More than one special relationship

I went to a seminar on New Zealand agriculture at New Zealand House in London last week. Interestingly, the company and country representatives positioned themselves as people who know what to do when your system of supports gets pulled out from under you. The New Zealand government eliminated farming subsidies in the 1980s. It also did not help that the UK, which had previously offered guaranteed access to New Zealand, joined the European Economic Area in 1973 to the detriment of the New Zealand export market. In some ways, this meeting is as if your ex-boyfriend shows up as your marriage breaks down.

Nevertheless, this is the help they are offering the UK, as it transitions from the European Union. Basically, we know what you’re going through, because we’ve been there, the assembled said. And farming efficiency is the way forward. As the AHDB says in its report, “The ability of New Zealand agriculture to establish a longer-term recovery was driven by an increased focus on economising and through promotion and application of efficient farming methods.”

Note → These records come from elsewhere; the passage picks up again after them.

End Coefficients.

Lemma is_derive_gauss_path (Af mf : R -> R) (t dA dm x : R) :
  is_derive Af t dA -> is_derive mf t dm -> 0 < Af t ->
  is_derive (fun s => gauss (Af s) (mf s) x) t
    (gauss (Af t) (mf t) x * (dA / (2 * Af t) - dA / 2 * (x - mf t) ^ 2 + Af t * dm * (x - mf t))).
Proof.
  intros HA Hm Hpos. assert (HPI := PI_RGT_0).
  assert (HY : 0 < Af t / (2 * PI)) by (apply Rdiv_lt_0_compat; lra).
  unfold gauss. auto_derive.
  - repeat split; try (eexists; eassumption). exact HY.
  - replace (Derive (fun s : R => Af s) t) with dA by (symmetry; apply is_derive_unique, HA).
    replace (Derive (fun s : R => mf s) t) with dm by (symmetry; apply is_derive_unique, Hm).
    change (sqrt (Af t * / (2 * PI))) with (sqrt (Af t / (2 * PI))).
    assert (Hr : sqrt (Af t / (2 * PI)) ^ 2 = Af t / (2 * PI)) by (apply pow2_sqrt; lra).
    assert (Hr0 : 0 < sqrt (Af t / (2 * PI))) by (apply sqrt_lt_R0, HY).
    (* Writing Af t = 2 PI r^2 removes the square root, so [field] applies. *)
    set (r := sqrt (Af t / (2 * PI))) in *.
    replace (Af t) with (2 * PI * r ^ 2) by (rewrite Hr; field; lra).
    unfold Rminus, Rdiv. cbn [pow]. field. lra.
Qed.

Lemma gauss_L1_gap_diag (A m : R) : 0 < A -> gauss_L1_gap A m A m = 0.
Proof.
  intros HA. assert (Hc := gauss_amp_pos A HA).
  unfold gauss_L1_gap, quad_gap. rewrite !Rminus_diag, !Rabs_R0. field. lra.
Qed.

Ltac continuity_R :=
  repeat match goal with
  | |- continuous (fun _ => _) _ => apply continuous_const
  | |- continuous (fun y => @?f y + @?g y) _ => apply (continuous_plus f g)
  | |- continuous (fun y => @?f y * @?g y) _ => apply (continuous_mult f g)
  | |- continuous (fun y => - @?f y) _ => apply (continuous_opp f)
  | |- continuous (fun y => / @?f y) _ => apply (continuous_Rinv_comp f)
  | |- continuous (fun y => Rabs (@?f y)) _ => apply (continuous_Rabs_comp f)
  | |- continuous (fun y => sqrt (@?f y)) _ => apply (continuous_sqrt_comp f)
  end.

Lemma continuous_gauss_L1_gap (Af mf : R -> R) (t : R) :
  continuous Af t -> continuous mf t -> 0 < Af t ->
  continuous (fun s => gauss_L1_gap (Af s) (mf s) (Af t) (mf t)) t.
Proof.
  intros HA Hm Hpos. assert (Hc := gauss_amp_pos _ Hpos).
  unfold gauss_L1_gap, quad_gap, gauss_amp in *. unfold Rdiv, Rminus. cbn [pow].
  continuity_R; try assumption; lra.
Qed.

Section Solution.

Variables sigma a m : R.
Hypotheses (Hsigma : 0 < sigma) (Ha : 0 < a).

Lemma Rabs_u_sol (t x : R) : 0 <= t -> Rabs (u_sol sigma a m t x) = u_sol sigma a m t x.
Proof. intros Ht. apply Rabs_right, Rle_ge, Rlt_le, gauss_pos, a_of_pos; assumption. Qed.

Lemma is_derive_u_sol (t x : R) : 0 <= t ->
  is_derive (fun s => u_sol sigma a m s x) t
    (sigma ^ 2 * Derive_n (u_sol sigma a m t) 2 x
     + (- x ^ 2 + (1 / a_of sigma a t + m_of sigma a m t ^ 2)) * u_sol sigma a m t x).
Proof.
  intros Ht. set (A := a_of sigma a t). set (M := m_of sigma a m t).
  assert (HA : 0 < A) by (apply a_of_pos; assumption).
  replace (Derive_n (u_sol sigma a m t) 2 x) with ((A ^ 2 * (x - M) ^ 2 - A) * gauss A M x)
    by (symmetry; apply is_derive_unique, is_derive_Derive_gauss).
  unfold u_sol. fold A M.
  replace (sigma ^ 2 * ((A ^ 2 * (x - M) ^ 2 - A) * gauss A M x)
           + (- x ^ 2 + (1 / A + M ^ 2)) * gauss A M x)
    with (gauss A M x * (2 * (1 - sigma ^ 2 * A ^ 2) / (2 * A)
                         - 2 * (1 - sigma ^ 2 * A ^ 2) / 2 * (x - M) ^ 2
                         + A * (-2 * M / A) * (x - M)))
    by (field; lra).
  apply is_derive_gauss_path; [apply is_derive_a_of | apply is_derive_m_of | ]; assumption.
Qed.

Lemma is_lim_L1_u_sol (t : R) : 0 <= t ->
  filterlim (fun s => RInt_R (fun x => Rabs (u_sol sigma a m s x - u_sol sigma a m t x)))
    (within (fun s => 0 <= s) (locally t)) (locally 0).
Proof.
  intros Ht. assert (HA := a_of_pos sigma a Hsigma Ha t Ht).
  set (D := fun s =>
    gauss_L1_gap (a_of sigma a s) (m_of sigma a m s) (a_of sigma a t) (m_of sigma a m t)).
  assert (HD0 : D t = 0) by apply gauss_L1_gap_diag, HA.
  assert (HD : continuous D t).
  { apply continuous_gauss_L1_gap; [apply continuous_a_of | apply continuous_m_of | ]; assumption. }
  apply (filterlim_le_le (fun s => - D s) _ D (Finite 0)).
  - unfold within. apply filter_forall. intros s Hs.
    apply Rabs_le_between, RInt_R_abs_gauss_sub_le; apply a_of_pos; assumption.
  - eapply filterlim_filter_le_1; [apply filter_le_within|].
    replace (Finite 0) with (Finite (- D t)) by (rewrite HD0, Ropp_0; reflexivity).
    apply (continuous_opp D), HD.
  - eapply filterlim_filter_le_1; [apply filter_le_within|].
    rewrite <- HD0. exact HD.
Qed.

Lemma continuous_one_add_moment (t : R) : 0 <= t ->
  continuous (fun s => 1 + (1 / a_of sigma a s + m_of sigma a m s ^ 2)) t.
Proof.
  intros Ht. apply (ex_derive_continuous (fun s => 1 + (1 / a_of sigma a s + m_of sigma a m s ^ 2))).
  auto_derive. repeat split.
  - eexists. apply is_derive_a_of; assumption.
  - apply Rgt_not_eq, a_of_pos; assumption.
  - eexists. apply is_derive_m_of; assumption.
Qed.

Lemma ex_RInt_moment_u_sol (t1 t2 : R) : 0 < t1 -> t1 <= t2 ->
  ex_RInt (fun t => RInt_R (fun x => (1 + x ^ 2) * Rabs (u_sol sigma a m t x))) t1 t2.
Proof.
  intros Ht1 Ht12.
  apply (ex_RInt_ext (fun t => 1 + (1 / a_of sigma a t + m_of sigma a m t ^ 2))).
  - intros t Ht. rewrite Rmin_left, Rmax_right in Ht by lra. symmetry.
    apply is_RInt_gen_unique, (is_RInt_R_ext (fun x => (1 + x ^ 2) * u_sol sigma a m t x)).
    + intros x. rewrite Rabs_u_sol; [reflexivity | lra].
    + apply is_RInt_R_one_add_sq_gauss, a_of_pos; auto; lra.
  - apply (ex_RInt_continuous (V := R_CompleteNormedModule)). intros t Ht.
    rewrite Rmin_left, Rmax_right in Ht by lra. apply continuous_one_add_moment; lra.
Qed.

End Solution.

Theorem proposition2p2 (sigma a m : R) (Hsigma : 0 < sigma) (Ha : 0 < a) :
  let u := u_sol sigma a m in
  (* initial condition: u(0,.) = u_0 *)
  (forall x, u 0 x = gauss a m x) /\
  (* the PDE holds classically for t > 0, x in R, with the nonlocal term
     M = int_R y^2 u(t,y) dy (which exists) *)
  (forall t, 0 < t ->
     exists M : R,
       is_RInt_gen (fun y => y ^ 2 * u t y)
         (Rbar_locally m_infty) (Rbar_locally p_infty) M /\
       forall x,
         ex_derive_n (u t) 2 x /\
         is_derive (fun s => u s x) t
           (sigma ^ 2 * Derive_n (u t) 2 x + (- x ^ 2 + M) * u t x)) /\
  (* u belongs to the uniqueness class:
     u in C(R_+; L^1(R)) ... *)
  (forall t, 0 <= t ->
     ex_RInt_gen (fun x => Rabs (u t x)) (Rbar_locally m_infty) (Rbar_locally p_infty)) /\
  (forall t, 0 <= t ->
     filterlim
       (fun s => RInt_gen (fun x => Rabs (u s x - u t x))
                   (Rbar_locally m_infty) (Rbar_locally p_infty))
       (within (fun s => 0 <= s) (locally t)) (locally 0)) /\
  (* ... and u in L^1_loc((0,oo); {g in L^1 : int x^2 |g| < oo}) *)
  (forall t, 0 < t ->
     ex_RInt_gen (fun x => x ^ 2 * Rabs (u t x)) (Rbar_locally m_infty) (Rbar_locally p_infty)) /\
  (forall t1 t2, 0 < t1 -> t1 <= t2 ->
     ex_RInt (fun t => RInt_gen (fun x => (1 + x ^ 2) * Rabs (u t x))
                         (Rbar_locally m_infty) (Rbar_locally p_infty)) t1 t2).
Proof.
  intros u. unfold u. clear u.
  assert (HA : forall t, 0 <= t -> 0 < a_of sigma a t) by (intros; apply a_of_pos; assumption).
  assert (Habs := Rabs_u_sol sigma a m Hsigma Ha).
  repeat split.
  - intros x. unfold u_sol. rewrite a_of_0, m_of_0; auto.
  - intros t Ht. exists (1 / a_of sigma a t + m_of sigma a m t ^ 2). split.
    + apply is_RInt_R_sq_gauss, HA. lra.
    + intros x. split.
      * eexists. apply is_derive_Derive_gauss.
      * apply is_derive_u_sol; auto; lra.
  - intros t Ht. exists 1. apply (is_RInt_R_ext (u_sol sigma a m t)).
    + intros x. symmetry. apply Habs, Ht.
    + apply is_RInt_R_gauss, HA, Ht.
  - intros t Ht. apply is_lim_L1_u_sol; assumption.
  - intros t Ht. eexists. apply (is_RInt_R_ext (fun x => x ^ 2 * u_sol sigma a m t x)).
    + intros x. rewrite Habs; [reflexivity | lra].
    + apply is_RInt_R_sq_gauss, HA. lra.
  - apply ex_RInt_moment_u_sol; assumption.
Qed.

Another interesting note was in response to a question about the current UK lack of rainfall. A speaker replied that you don’t make money in a drought, but instead it’s about preserving capital and making efficiencies.

So, as the New Zealanders seek to enhance what they see as a “special relationship” with the UK, I think it would be helpful to accept their help. Basically, the Kiwis have seen the show and bought the t-shirt, when it comes to free markets and even to droughts. And on a journey where the outcome is uncertain and the way forward is not yet visible, it is good to have a friend who can tell you how they did it and what helped.